Canadian explorer Giga Metals [TSXV: GIGA] has released a Pre-Feasibility Study technical report which supports its earlier PEA on the Turnagain Project in British Columbia. This outlines a large, long life nickel mine with annual production projected to average 37,288 t/y of nickel and cobalt over the nominal full operating period.
Giga Metals said it expected the mine to have around a 30 year life span. The Turnagain project is regarded as among the largest undeveloped sulphide nickel deposits in the world. It is held in Hard Creek Nickel, which is a subsidiary company shared between Giga Metals (85%) and Mitsubishi Corp in Japan (15%).
Turnagain is considered to have excellent nickel product quality, at 18%, with the added bonus of 1.1% cobalt. It has a low carbon footprint and site operating costs of USD 3.85 per pound at site gate.
Giga Metals said that the project has positive economics, with a pre-tax IRR and NPV of 11.1% and USD 717m (7% discount rate). Post-tax IRR and NPV is 11.4% and USD 574m. This is based off a long term nickel price of USD 9.75 per pound, with 78% payability for nickel in concentrate.
Giga Metals to visit London
Mark Jarvis, CEO of Giga Metals, is visiting London this month and will be speaking at The Armchair Trader’s Beyond The Channel investor seminar on 30 November. If you are a professional investor and interested in meet Giga Metals at the event, please register for Beyond The Channel.
Large scale nickel projects in North America are going to be at a premium in the future, in our view. The supply chain for projected US giga factories has really not been fully mapped out, and an estimated 250,000 to 450,000 tons per year are likely to be needed in terms of raw feed to supply North American factories. That is a big ask.
Bear in mind most current nickel production is not suitable for batteries. In 2021 total refined production of nickel in North America was only 102,000 tons.
Another thing to consider is the US Inflation Reduction Act, passed last year, which aims to ensure more battery components are mined, refined or processed by the US or by its free trade allies. The goal here is to reduce dependence on Chinese critical minerals, ass neither China nor Indonesia – another major nickel producer – are US free trade allies.
Reliable clean nickel concentrate
Extensive metallurgical test work has shown that froth flotation can reliably create a high-grade clean concentrate, a very desirable product that can be upgraded to high purity Class One nickel for use in lithium-ion batteries. The cobalt produced is another critical element in battery production, adding to the long-term viability of the resource.
The Turnagain property lies immediately north of the Turnagain River near its confluence with Hard Creek, 65 kilometres east of the community of Dease Lake.

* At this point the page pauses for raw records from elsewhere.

(* Let $Y$ be a set, $\Lambda$ an index set, and for each $\ell\in\Lambda$ let $\rho_\ell:Y\to Y_\ell$ be a surjective map onto a finite set $Y_\ell$. Let $(X,\mu)$ be a measure space with $\mu(X)<\infty$ and $F:X\to Y$, $x\mapsto F_x$, a map such that each set $\{x\in X\mid \rho_\ell(F_x)=y\}$ is measurable. For each $\ell\in\Lambda$ let $\nu_\ell$ be a probability density on $Y_\ell$ with $\nu_\ell(y)>0$ for all $y$, and let $\mathcal{B}_\ell$ be an orthonormal basis of the space $L^2(Y_\ell)$ of functions on $Y_\ell$ with inner product $\langle f,g\rangle=\sum_y\nu_\ell(y)f(y)\overline{g(y)}$, such that $\mathcal{B}_\ell$ contains the constant function $1$; put $\mathcal{B}_\ell^*=\mathcal{B}_\ell\setminus\{1\}$. For a finite subset $m\subset\Lambda$ let $Y_m=\prod_{\ell\in m}Y_\ell$, $\rho_m=(\rho_\ell)_{\ell\in m}:Y\to Y_m$, and $\mathcal{B}_m^*$ the set of functions $(y_\ell)\mapsto\prod_{\ell\in m}\varphi_\ell(y_\ell)$ with $\varphi_\ell\in\mathcal{B}_\ell^*$ (for $m=\emptyset$, $Y_m$ is a point and $\mathcal{B}_m^*=\{1\}$). Let $\mathcal{L}^*\subset\Lambda$ be finite, let $\mathcal{L}$ be a finite set of finite subsets of $\Lambda$ such that every element of every $m\in\mathcal{L}$ lies in $\mathcal{L}^*$ and $\{\ell\}\in\mathcal{L}$ for every $\ell\in\mathcal{L}^*$, and let $\Delta$ be the smallest non-negative real number such that $$\sum_{m\in\mathcal{L}}\sum_{\varphi\in\mathcal{B}_m^*}\Big|\int_X\alpha(x)\varphi(\rho_m(F_x))\,d\mu(x)\Big|^2\leq\Delta\int_X|\alpha(x)|^2\,d\mu(x)$$ for every square-integrable $\alpha:X\to\mathbf{C}$. Then for arbitrary subsets $\Omega_\ell\subset Y_\ell$ ($\ell\in\mathcal{L}^*$), the set $S(X,\Omega;\mathcal{L}^* )=\{x\in X\mid \rho_\ell(F_x)\notin\Omega_\ell \text{ for all } \ell\in\mathcal{L}^*\}$ satisfies $$\mu(S(X,\Omega;\mathcal{L}^* ))\leq\Delta H^{-1},\qquad H=\sum_{m\in\mathcal{L}}\prod_{\ell\in m}\frac{\nu_\ell(\Omega_\ell)}{1-\nu_\ell(\Omega_\ell)},$$ where $\nu_\ell(\Omega_\ell)=\sum_{y\in\Omega_\ell}\nu_\ell(y)$. *)

From HB Require Import structures.
From mathcomp Require Import all_boot all_order all_algebra finmap.
From mathcomp Require Import all_classical all_reals all_analysis.
From mathcomp Require Import complex.

Set Implicit Arguments.
Unset Strict Implicit.
Unset Printing Implicit Defensive.

Import Order.TTheory GRing.Theory Num.Theory.
Local Open Scope ring_scope.

Definition sqnorm (R : realType) (z : R[i]) : R :=
  complex.Re z ^+ 2 + complex.Im z ^+ 2.

Definition cint (R : realType) (d : measure_display) (X : measurableType d)
  (mu : {measure set X -> \bar R}) (f : X -> R[i]) : R[i] :=
  Complex (Rintegral mu setT (fun x => complex.Re (f x)))
          (Rintegral mu setT (fun x => complex.Im (f x))).

Definition sq_integrable (R : realType) (d : measure_display) (X : measurableType d)
  (mu : {measure set X -> \bar R}) (alpha : X -> R[i]) : Prop :=
  [/\ measurable_fun setT (fun x => complex.Re (alpha x)),
      measurable_fun setT (fun x => complex.Im (alpha x)) &
      mu.-integrable setT (fun x => (sqnorm (alpha x))%:E)].

Definition l2inner (R : realType) (T : finType) (nu : T -> R) (f g : T -> R[i]) : R[i] :=
  \sum_(y : T) Complex (nu y) 0 * f y * (g y)^*.

Definition nu_of (R : realType) (T : finType) (nu : T -> R) (Om : {set T}) : R :=
  \sum_(y in Om) nu y.

Definition sieve_ratio (R : realType) (t : R) : \bar R :=
  if t == 1 then +oo%E else (t / (1 - t))%:E.

(* For l in L*, let p_l = nu_l(Omega_l) and f_l = p_l - 1_{Omega_l} on Y_l: f_l is orthogonal
   to the constants and has squared norm p_l (1 - p_l), so its coefficients c_l on B_l vanish at
   the constant 1 and satisfy Parseval. On the sifted set S every f_l (rho_l (F x)) equals p_l,
   so for m in L, expanding prod_{l in m} f_l in the product basis and integrating against
   alpha = 1_S gives sum_phi C_phi (int alpha phi) = mu(S) prod_{l in m} p_l, where
   C_phi = prod_l c_l(phi_l) and only phi in B*_m contribute. Cauchy-Schwarz together with
   sum_phi |C_phi|^2 <= prod_{l in m} p_l (1 - p_l) yields
   mu(S)^2 prod_{l in m} p_l / (1 - p_l) <= sum_phi |int alpha phi|^2,
   and summing over m in L and applying the definition of Delta to alpha gives
   mu(S)^2 H <= Delta mu(S). Every function involved factors through the finite vector of
   residues (rho_l (F x))_{l in L*}, so all the integrals are finite sums. *)

From mathcomp Require Import all_boot all_order all_algebra finmap.
From mathcomp Require Import all_classical all_reals all_analysis.
From mathcomp Require Import complex measurable_realfun.
From mathcomp Require Import ring.
Import Order.TTheory GRing.Theory Num.Theory.
Local Open Scope ring_scope.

Dease Lake is located on Highway 37, some 400 kilometres north of the Port of Stewart.
An 80 kilometre access trail extending easterly from Dease Lake extends into the Turnagain property and is used to haul equipment and supplies. A 900 metre long dirt airstrip, expanded in 2008 and situated within the claims area on the north side of Turnagain River, accommodates small aircraft.
Local geology for the Turnagain project
The Turnagain Nickel property covers the known extent of a zoned, Alaskan-type ultramafic intrusive complex in fault contact with Paleozoic to Early Mesozoic graphitic sedimentary rocks along its northern and eastern margins. The southern contact is not exposed, but several drill holes have penetrated the contact and intersected deformed, graphitic phyllites in fault contact with the ultramafic complex.
The Turnagain intrusion comprises a central core of dunite with bounding units of wehrlite, olivine clinopyroxenite, clinopyroxenite, hornblende clinopyroxenite, and hornblendite. The complex is elongate and broadly conformable to the northwesterly-trending regional structural grain.